Sjögren’s syndrome (SS) is an autoimmune disorder primarily affecting exocrine glands, but renal involvement such as tubulointerstitial nephritis and, less commonly, glomerular lesions can occur. SS is also associated with autoimmune thyroid disease, and approximately 15–30% of patients develop thyroid dysfunction, most often hypothyroidism. However, hyperthyroidism in SS is rare, and its renal impact remains unclear. We report a case of chronic kidney disease (CKD) in a patient with SS complicated by hyperthyroidism, in which both diseases may have contributed to renal injury.

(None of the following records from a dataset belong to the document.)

(* Let $m\ge 2$ and $0\le c<1$, and consider the best-worst rule $s=(c,m)$. A profile $x=((x^1,n_1),\dots,(x^q,n_q))$ with $q\ge 2$ is a non-convergent Nash equilibrium if and only if all of the following hold, where $I^p:=\ell(I_1^R)$: (i) $n_i\le 2$ for all $i\in[q]$, and $n_1=n_q=2$; (ii) $\ell(I_q^L)=I^p$, and for every $1<i<q$ with $n_i=2$ we have $\ell(I_i^L)=\ell(I_i^R)=I^p$; (iii) $\ell(I_1^L)=\ell(I_q^R)=I^p+\frac{c}{2}$; (iv) for every $i$ with $n_i=1$: $\ell(I_i)\ge \ell(I_k^L)$ for all $k\neq 1$ and $\ell(I_i)\ge \ell(I_k^R)$ for all $k\ne q$; (v) $I^p\ge \ell(I_k^L)$ for all $k\ne 1$ and $I^p\ge \ell(I_k^R)$ for all $k\ne q$.
   Context: Setting: voters' ideal points are distributed uniformly (unit mass, Lebesgue measure) on $[0,1]$. There are $m$ candidates; a profile is $x=(x_1,\dots,x_m)\in[0,1]^m$. A voter with ideal point $y$ ranks candidates by distance $|x_i-y|$ (closer is better); ties are broken by a fair lottery (uniformly random strict order among tied candidates). Under the best-worst rule $s=(c,m)$ ($c\ge0$), a candidate receives $1$ point from each voter ranking her first, $-c$ from each voter ranking her last ($m$-th), and $0$ otherwise; $v_i(x)$ is candidate $i$'s expected total points. A (pure-strategy Nash) equilibrium is a profile $x^*$ with $v_i(x^* )\ge v_i(t,x^*_{-i})$ for all $i$ and $t\in[0,1]$ ($(t,x_{-i})$ is $x$ with $x_i$ replaced by $t$); it is non-convergent (NCNE) if at least two platforms are distinct. Notation: $[n]=\{1,\dots,n\}$. A profile determines its distinct occupied positions $x^1<x^2<\dots<x^q$, with $n_j$ the number of candidates at $x^j$; we write $x=((x^1,n_1),\dots,(x^q,n_q))$. For an interval $I=[a,b]$, $\ell(I)=b-a$. For $q\ge2$ the full-electorates are $I_1=[0,(x^1+x^2)/2]$, $I_i=[(x^{i-1}+x^i)/2,(x^i+x^{i+1})/2]$ for $2\le i\le q-1$, and $I_q=[(x^{q-1}+x^q)/2,1]$; the half-electorates are $I_i^L=\{y\in I_i: y\le x^i\}$ and $I_i^R=\{y\in I_i:y\ge x^i\}$. *)

From Stdlib Require Import Reals Lra List ClassicalEpsilon.
Import ListNotations.
Open Scope R_scope.

(* Integral over [0,1] (Riemann); voters have uniform (Lebesgue) density on [0,1].
   Defined as RiemannInt when f is Riemann integrable on [0,1] (value independent
   of the integrability proof), 0 otherwise. All score densities below are
   piecewise constant with finitely many pieces, hence integrable. *)
Definition integral01 (f : R -> R) : R :=
  match excluded_middle_informative (exists pr : Riemann_integrable f 0 1, True) with
  | left H => RiemannInt (proj1_sig (constructive_indefinite_description _ H))
  | right _ => 0
  end.

(* A profile of m candidates: x : nat -> R, candidate j < m at position x j. *)
Definition dist (x : nat -> R) (j : nat) (y : R) : R := Rabs (x j - y).

Definition n_tied (m : nat) (x : nat -> R) (i : nat) (y : R) : nat :=
  length (filter (fun j => if Req_EM_T (dist x j y) (dist x i y) then true else false)
                 (seq 0 m)).

Definition is_closest (m : nat) (x : nat -> R) (i : nat) (y : R) : bool :=
  forallb (fun j => if Rle_dec (dist x i y) (dist x j y) then true else false) (seq 0 m).

Definition is_farthest (m : nat) (x : nat -> R) (i : nat) (y : R) : bool :=
  forallb (fun j => if Rle_dec (dist x j y) (dist x i y) then true else false) (seq 0 m).

(* Expected points candidate i gets from voter y under the best-worst rule (c,m),
   with ties broken by a uniformly random strict order among tied candidates:
   P(i ranked first) = 1/#closest if i closest, P(i ranked last) = 1/#farthest
   if i farthest. *)
Definition voter_score (m : nat) (c : R) (x : nat -> R) (i : nat) (y : R) : R :=
  (if is_closest m x i y then / INR (n_tied m x i y) else 0)
  - c * (if is_farthest m x i y then / INR (n_tied m x i y) else 0).

Definition v (m : nat) (c : R) (x : nat -> R) (i : nat) : R :=
  integral01 (voter_score m c x i).

Definition deviate (x : nat -> R) (i : nat) (t : R) : nat -> R :=
  fun j => if Nat.eqb j i then t else x j.

Definition is_profile (m : nat) (x : nat -> R) : Prop :=
  forall j, (j < m)%nat -> 0 <= x j <= 1.

Definition is_NE (m : nat) (c : R) (x : nat -> R) : Prop :=
  is_profile m x /\
  forall i, (i < m)%nat -> forall t, 0 <= t <= 1 ->
    v m c x i >= v m c (deviate x i t) i.

Definition is_NCNE (m : nat) (c : R) (x : nat -> R) : Prop :=
  is_NE m c x /\ exists i j, (i < m)%nat /\ (j < m)%nat /\ x i <> x j.

Definition n_at (m : nat) (x : nat -> R) (p : R) : nat :=
  length (filter (fun j => if Req_EM_T (x j) p then true else false) (seq 0 m)).

(* x = ((pos 1, n 1), ..., (pos q, n q)): pos 1 < ... < pos q are exactly the
   distinct occupied positions (1-based indexing), n k the multiplicities. *)
Definition decomposition (m : nat) (x : nat -> R) (q : nat) (pos : nat -> R) (n : nat -> nat) : Prop :=
  (forall k, (1 <= k)%nat -> (k < q)%nat -> pos k < pos (S k)) /\
  (forall j, (j < m)%nat -> exists k, (1 <= k <= q)%nat /\ x j = pos k) /\
  (forall k, (1 <= k <= q)%nat -> exists j, (j < m)%nat /\ x j = pos k) /\
  (forall k, (1 <= k <= q)%nat -> n k = n_at m x (pos k)).

Definition lenL (q : nat) (pos : nat -> R) (k : nat) : R :=
  if Nat.eqb k 1%nat then pos 1%nat - 0 else (pos k - pos (k - 1)%nat) / 2.
Definition lenR (q : nat) (pos : nat -> R) (k : nat) : R :=
  if Nat.eqb k q then 1 - pos q else (pos (S k) - pos k) / 2.
Definition lenI (q : nat) (pos : nat -> R) (k : nat) : R :=
  lenL q pos k + lenR q pos k.

(* A candidate sharing her position with N - 1 others earns (length of the voters ranking
   that position first - c * length of those ranking it last) / N.

   Necessity: moving to the midpoint of two adjacent positions occupied by rivals earns their
   half gap, and moving just outside an extreme position earns, in the limit, the extreme
   half-electorate minus c times the length of the voters who would rank her last; every
   equilibrium payoff dominates these.  Comparing them with the actual payoffs forces at most
   two candidates per position, exactly two at each extreme, payoff I^p with equal
   half-electorates for paired candidates, and, since both extreme limits are attained, the
   symmetric conditions (iii).

   Sufficiency: every payoff is then at least I^p.  A deviation to t earns at most half the
   distance between the nearest rivals l < t < r; as no rival lies between them, either
   (l, r) is a single gap of half length at most I^p, or the deviator was alone between l
   and r and already earned (r - l) / 2.  A deviation onto a shared position splits a sum of
   two such bounds among at least two candidates, and deviations onto or beyond the extreme
   positions are controlled by (iii). *)

From Pilot Require Import Defs.
From Stdlib Require Import Reals Lra Lia List ClassicalEpsilon FunctionalExtensionality.
Import ListNotations.
Open Scope R_scope.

A 70-year-old woman with a history of SS diagnosed 17 years earlier presented with progressive anorexia and a 10 kg weight loss over six months. Laboratory tests revealed renal dysfunction (eGFR[Cr] 30.4 mL/min/1.73 m²; eGFR[CysC] 13 mL/min/1.73 m²), hematuria (3+), and mild proteinuria. Hyperthyroidism was newly diagnosed, and methimazole therapy was initiated. Despite treatment, proteinuria increased (U-P/Cr 1.13 → 6.16 g/gCr), prompting a kidney biopsy.
Histopathology showed tubulointerstitial fibrosis with lymphocytic and plasma cell infiltration, consistent with SS-associated tubulointerstitial nephritis. No immune complex deposition was observed by immunofluorescence. Electron microscopy revealed subendothelial edema without electron-dense deposits, suggesting endothelial injury rather than immune complex–mediated glomerulonephritis. After prednisolone therapy was initiated, renal function improved (eGFR[Cr] 45.3 mL/min/1.73 m²; eGFR[CysC] 43 mL/min/1.73 m²), and urinary abnormalities resolved. Moreover, the initial discrepancy between creatinine- and cystatin C–based eGFR values normalized after treatment, indicating recovery of hemodynamic stability and thyroid function. The patient has remained stable without recurrence.
This case suggests that renal injury in SS can be exacerbated by hyperthyroidism through hemodynamic and endothelial alterations rather than immune complex deposition. The observed discrepancy—and subsequent normalization—between creatinine- and cystatin C–based eGFR values highlights that thyroid dysfunction can significantly influence renal function estimation. Comprehensive evaluation of kidney function using multiple biomarkers is essential in patients with SS complicated by thyroid abnormalities.